NAME
Mail::SpamAssassin::Message - decode, render, and hold an RFC-2822 message
DESCRIPTION
This module encapsulates an email message and allows access to the various MIME message parts and message metadata.
The message structure, after initiating a parse() cycle, looks like this:
Message object, also top-level node in Message::Node tree
|
+---> Message::Node for other parts in MIME structure
| |---> [ more Message::Node parts ... ]
| [ others ... ]
|
+---> Message::Metadata object to hold metadata
PUBLIC METHODS
- new()
-
Creates a Mail::SpamAssassin::Message object. Takes a hash reference as a parameter. The used hash key/value pairs are as follows:
message
is either undef (which will use STDIN), a scalar of the entire message, an array reference of the message with 1 line per array element, or a file glob which holds the entire contents of the message.Note: The message is expected to generally be in RFC 2822 format, optionally including an mbox message separator line (the "From " line) as the first line.
parse_now
specifies whether or not to create the MIME tree at object-creation time or later as necessary.The parse_now option, by default, is set to false (0). This allows SpamAssassin to not have to generate the tree of Mail::SpamAssassin::Message::Node objects and their related data if the tree is not going to be used. This is handy, for instance, when running
spamassassin -d
, which only needs the pristine header and body which is always handled when the object is created.subparse
specifies how many MIME recursion levels should be parsed. Defaults to 20. - _do_parse()
-
Non-Public function which will initiate a MIME part parse (generates a tree) of the current message. Typically called by find_parts() as necessary.
- find_parts()
-
Used to search the tree for specific MIME parts. See Mail::SpamAssassin::Message::Node for more details.
- get_pristine_header()
-
Returns pristine headers of the message. If no specific header name is given as a parameter (case-insensitive), then all headers will be returned as a scalar, including the blank line at the end of the headers.
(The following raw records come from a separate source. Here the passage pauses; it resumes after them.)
(* Let $f$ be a pdf supported on $[-\tfrac14,\tfrac14]$. Then $$2\big(\mathrm{Re}\,\hat f(1)\big)^2-1\le\mathrm{Re}\,\hat f(2)\le 2\,\mathrm{Re}\,\hat f(1)-1.$$
   Context: $\mathbb{T}=\mathbb{R}/\mathbb{Z}$; $\hat f(j)=\int_{\mathbb{T}} f(x)e^{-2\pi ijx}\,dx$. A pdf is a nonnegative function in $L^2(\mathbb{T})$ with integral 1; $[-\tfrac14,\tfrac14]$ is regarded as a subset of $\mathbb{T}$. *)

(* The torus T = R/Z is modelled by its fundamental
   domain [-1/2, 1/2] with Lebesgue measure (endpoints are null). *)
From HB Require Import structures.
From mathcomp Require Import all_boot all_order all_algebra.
From mathcomp Require Import all_classical all_reals all_analysis.
Set Implicit Arguments. Unset Strict Implicit. Unset Printing Implicit Defensive.
Import Order.TTheory GRing.Theory Num.Theory.
Local Open Scope classical_set_scope.
Local Open Scope ring_scope.

Definition torus_dom (R : realType) : set R := `[(- (1/2)) : R, 1/2]%classic.

Definition re_fourier (R : realType) (f : R -> R) (j : int) : R :=
  Rintegral (@lebesgue_measure R) (@torus_dom R)
    (fun x => f x * cos (2 * pi * j%:~R * x)).

Definition pdf_T (R : realType) (f : R -> R) : Prop :=
  [/\ measurable_fun (@torus_dom R) f,
      (forall x, @torus_dom R x -> 0 <= f x),
      (@lebesgue_measure R).-integrable (@torus_dom R) (fun x => ((f x) ^+ 2)%:E) &
      (\int[@lebesgue_measure R]_(x in @torus_dom R) (f x)%:E = 1)%E].

Definition supported_quarter (R : realType) (f : R -> R) : Prop :=
  forall x, @torus_dom R x -> 1/4 < `|x| -> f x = 0.

(** Put [c x = cos (2 pi x)] and let [m1], [m2] be the first two moments of
    [c] under the density [f], so that [Re f^(1) = m1] and, by the
    double-angle formula, [Re f^(2) = 2 m2 - 1].  The lower bound is
    [m1 ^+ 2 <= m2], i.e. the variance of [c] is nonnegative.  The upper
    bound is [m2 <= m1]: on the support [|x| <= 1/4] of [f] we have
    [0 <= c <= 1], hence [c ^+ 2 <= c]. *)
From mathcomp Require Import all_boot all_order all_algebra.
From mathcomp Require Import all_classical all_reals all_analysis.
From mathcomp Require Import ring lra measurable_realfun.
Import Order.TTheory GRing.Theory Num.Theory.
Local Open Scope ring_scope.

Section density_moments.
Context {d} {T : measurableType d} {R : realType} {mu : measure T R}.
Context {D : set T} (mD : measurable D).

Lemma integrableZl_EFin (r : R) {h : T -> R} :
  mu.-integrable D (EFin \o h) -> mu.-integrable D (EFin \o (fun x => r * h x)).
Proof.
move=> h_int; apply: (eq_integrable mD (fun x => r%:E * (EFin \o h) x)%E).
  by move=> x _; rewrite /= EFinM.
exact: integrableZl.
Qed.

Context {f : T -> R}.
Hypotheses (f_ge0 : forall x, D x -> 0 <= f x)
  (f_int : mu.-integrable D (EFin \o f))
  (f_mass1 : \int[mu]_(x in D) f x = 1).

Lemma sqr_density_mean_le {g : T -> R} :
  mu.-integrable D (EFin \o (fun x => f x * g x)) ->
  mu.-integrable D (EFin \o (fun x => f x * g x ^+ 2)) ->
  (\int[mu]_(x in D) (f x * g x)) ^+ 2 <= \int[mu]_(x in D) (f x * g x ^+ 2).
Proof.
move=> fg_int fg2_int; set m := \int[mu]_(x in D) (f x * g x).
have var_ge0 : 0 <= \int[mu]_(x in D) (f x * (g x - m) ^+ 2).
  by apply: Rintegral_ge0 => x Dx; rewrite mulr_ge0 ?f_ge0 ?sqr_ge0.
have var_expand : \int[mu]_(x in D) (f x * (g x - m) ^+ 2) =
    \int[mu]_(x in D) (f x * g x ^+ 2) - 2 * m * m + m ^+ 2 * 1.
  rewrite -[in m ^+ 2 * 1]f_mass1 -(RintegralZl (m ^+ 2) mD f_int).
  rewrite -[2 * m * m](RintegralZl (2 * m) mD fg_int) -RintegralB ?integrableZl_EFin //.
  rewrite -RintegralD ?integrableZl_EFin //.
    by apply: eq_Rintegral => x _; ring.
  have := integrableB mD fg2_int (integrableZl_EFin (2 * m) fg_int).
  by apply: eq_integrable => // x _; rewrite /= EFinB.
by move: var_ge0; rewrite var_expand; lra.
Qed.

Lemma density_mean_sqr_le_mean {g : T -> R} :
  mu.-integrable D (EFin \o (fun x => f x * g x)) ->
  mu.-integrable D (EFin \o (fun x => f x * g x ^+ 2)) ->
  (forall x, D x -> f x != 0 -> 0 <= g x <= 1) ->
  \int[mu]_(x in D) (f x * g x ^+ 2) <= \int[mu]_(x in D) (f x * g x).
Proof.
move=> fg_int fg2_int g01; apply: le_Rintegral => // x Dx.
have [->|fx0] := eqVneq (f x) 0; first by rewrite !mul0r.
have /andP[g0 g1] := g01 x Dx fx0.
by rewrite ler_wpM2l ?f_ge0 // expr2 ler_piMr.
Qed.

End density_moments.

Section torus.
Context {R : realType}.
Implicit Types (f : R -> R) (x : R).
Local Notation D := (@torus_dom R).

Lemma measurable_torus_dom : measurable (D : set (measurableTypeR R)).
Proof. exact: measurable_itv. Qed.

Definition cos2pi x : R := cos (2 * pi * x).

Lemma measurable_cos2pi : measurable_fun setT cos2pi.
Proof.
apply: measurableT_comp; first (apply: continuous_measurable_fun; exact: continuous_cos).
by apply: measurable_funM => //; exact: measurable_cst.
Qed.

Lemma cos2pi_ge0 x : `|x| <= 1/4 -> 0 <= cos2pi x.
Proof.
rewrite ler_norml => /andP[xge xle]; apply: cos_ge0_pihalf.
have pi_ge0 : 0 <= pi :> R by exact/ltW/pi_gt0.
by apply/andP; split; nra.
Qed.

Lemma cos2pi_double x : cos (2 * pi * 2%:~R * x) = 2 * cos2pi x ^+ 2 - 1.
Proof.
rewrite /cos2pi [2 * _ ^+ 2]mulr_natl -cos_mulr2n -mulr_natr.
by congr cos; ring.
Qed.

Lemma pdf_T_integrable {f} : pdf_T f -> lebesgue_measure.-integrable D (EFin \o f).
Proof.
case=> mf f_ge0 _ f_mass1; apply/integrableP; split; first exact/measurable_EFinP.
under eq_integral => x /[!inE] Dx do rewrite /= ger0_norm ?f_ge0 //.
by rewrite f_mass1 ltry.
Qed.

Lemma pdf_T_mass1 {f} : pdf_T f -> \int[lebesgue_measure]_(x in D) f x = 1.
Proof. by case=> _ _ _ f_mass1; rewrite /Rintegral f_mass1. Qed.

Lemma pdf_T_integrable_cos2piX {f} n : pdf_T f ->
  lebesgue_measure.-integrable D (EFin \o (fun x => f x * cos2pi x ^+ n)).
Proof.
move=> pf; have cn_bounded : [bounded cos2pi x ^+ n | x in D].
  exists 1; split; first exact: num_real.
  move=> M M_gt1 x _ /=; rewrite normrX; apply/ltW/(le_lt_trans _ M_gt1).
  by rewrite exprn_ile1 // ler_norml cos_le1 cos_geN1.
have mcn : measurable_fun D (fun x => cos2pi x ^+ n).
  by apply/measurable_funX/measurable_funTS; exact: measurable_cos2pi.
have -> : EFin \o (fun x => f x * cos2pi x ^+ n) =
    ((EFin \o f) \* (EFin \o (fun x => cos2pi x ^+ n)%R))%E.
  by apply/funext => x /=; rewrite EFinM.
apply: integrableMl => //; first exact: measurable_torus_dom.
exact: pdf_T_integrable.
Qed.

Lemma re_fourier1 f :
  re_fourier f 1 = \int[lebesgue_measure]_(x in D) (f x * cos2pi x).
Proof. by apply: eq_Rintegral => x _; rewrite /cos2pi mulr1. Qed.

Lemma re_fourier2 {f} : pdf_T f ->
  re_fourier f 2 =
    2 * \int[lebesgue_measure]_(x in D) (f x * cos2pi x ^+ 2) - 1.
Proof.
move=> pf; have mD := measurable_torus_dom.
have c2_int := pdf_T_integrable_cos2piX 2 pf.
rewrite -[X in _ - X](pdf_T_mass1 pf) -(RintegralZl _ mD c2_int).
rewrite -RintegralB //; last exact: pdf_T_integrable.
  by apply: eq_Rintegral => x _; rewrite cos2pi_double; ring.
exact: integrableZl_EFin.
Qed.

End torus.

Theorem lemma2p17 (R : realType) (f : R -> R) :
  pdf_T f -> supported_quarter f ->
  2 * (re_fourier f 1) ^+ 2 - 1 <= re_fourier f 2 /\
  re_fourier f 2 <= 2 * re_fourier f 1 - 1.
Proof.
move=> pf supp; have [_ f_ge0 _ _] := pf.
have mD := @measurable_torus_dom R.
have f_int := pdf_T_integrable pf; have f_mass1 := pdf_T_mass1 pf.
have c_int : lebesgue_measure.-integrable (@torus_dom R)
    (EFin \o (fun x => f x * cos2pi x)) := pdf_T_integrable_cos2piX 1 pf.
have c2_int := pdf_T_integrable_cos2piX 2 pf.
have c01 x : @torus_dom R x -> f x != 0 -> 0 <= cos2pi x <= 1.
  move=> Dx fx0; rewrite cos_le1 andbT cos2pi_ge0 //.
  by rewrite leNgt; apply: contra fx0 => /(supp x Dx) ->.
rewrite re_fourier2 // re_fourier1; split.
- by have := sqr_density_mean_le mD f_ge0 f_int f_mass1 c_int c2_int; lra.
- by have := density_mean_sqr_le_mean mD f_ge0 c_int c2_int c01; lra.
Qed.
If called in an array context, an array will be returned with each specific header in a different element. In a scalar context, the last specific header is returned.
ie: If 'Subject' is specified as the header, and there are 2 Subject headers in a message, the last/bottom one in the message is returned in scalar context or both are returned in array context.
Note: the returned header will include the ending newline and any embedded whitespace folding.
- get_mbox_separator()
-
Returns the mbox separator found in the message, or undef if there wasn't one.
- get_body()
-
Returns an array of the pristine message body, one line per array element.
- get_pristine()
-
Returns a scalar of the entire pristine message.
- get_pristine_body()
-
Returns a scalar of the pristine message body.
- extract_message_metadata($main)
- $str = get_metadata($hdr)
- put_metadata($hdr, $text)
- delete_metadata($hdr)
- $str = get_all_metadata()
- finish_metadata()
-
Destroys the metadata for this message. Once a message has been scanned fully, the metadata is no longer required. Destroying this will free up some memory.
- finish()
-
Clean up an object so that it can be destroyed.
- receive_date()
-
Return a time_t value with the received date of the current message, or current time if received time couldn't be determined.
PARSING METHODS, NON-PUBLIC
These methods take a RFC2822-esque formatted message and create a tree with all of the MIME body parts included. Those parts will be decoded as necessary, and text/html parts will be rendered into a standard text format, suitable for use in SpamAssassin.
- parse_body()
-
parse_body() passes the body part that was passed in onto the correct part parser, either _parse_multipart() for multipart/* parts, or _parse_normal() for everything else. Multipart sections become the root of sub-trees, while everything else becomes a leaf in the tree.
For multipart messages, the first call to parse_body() doesn't create a new sub-tree and just uses the parent node to contain children. All other calls to parse_body() will cause a new sub-tree root to be created and children will exist underneath that root. (this is just so the tree doesn't have a root node which points at the actual root node ...)
- _parse_multipart()
-
Generate a root node, and for each child part call parse_body() to generate the tree.
- _parse_normal()
-
Generate a leaf node and add it to the parent.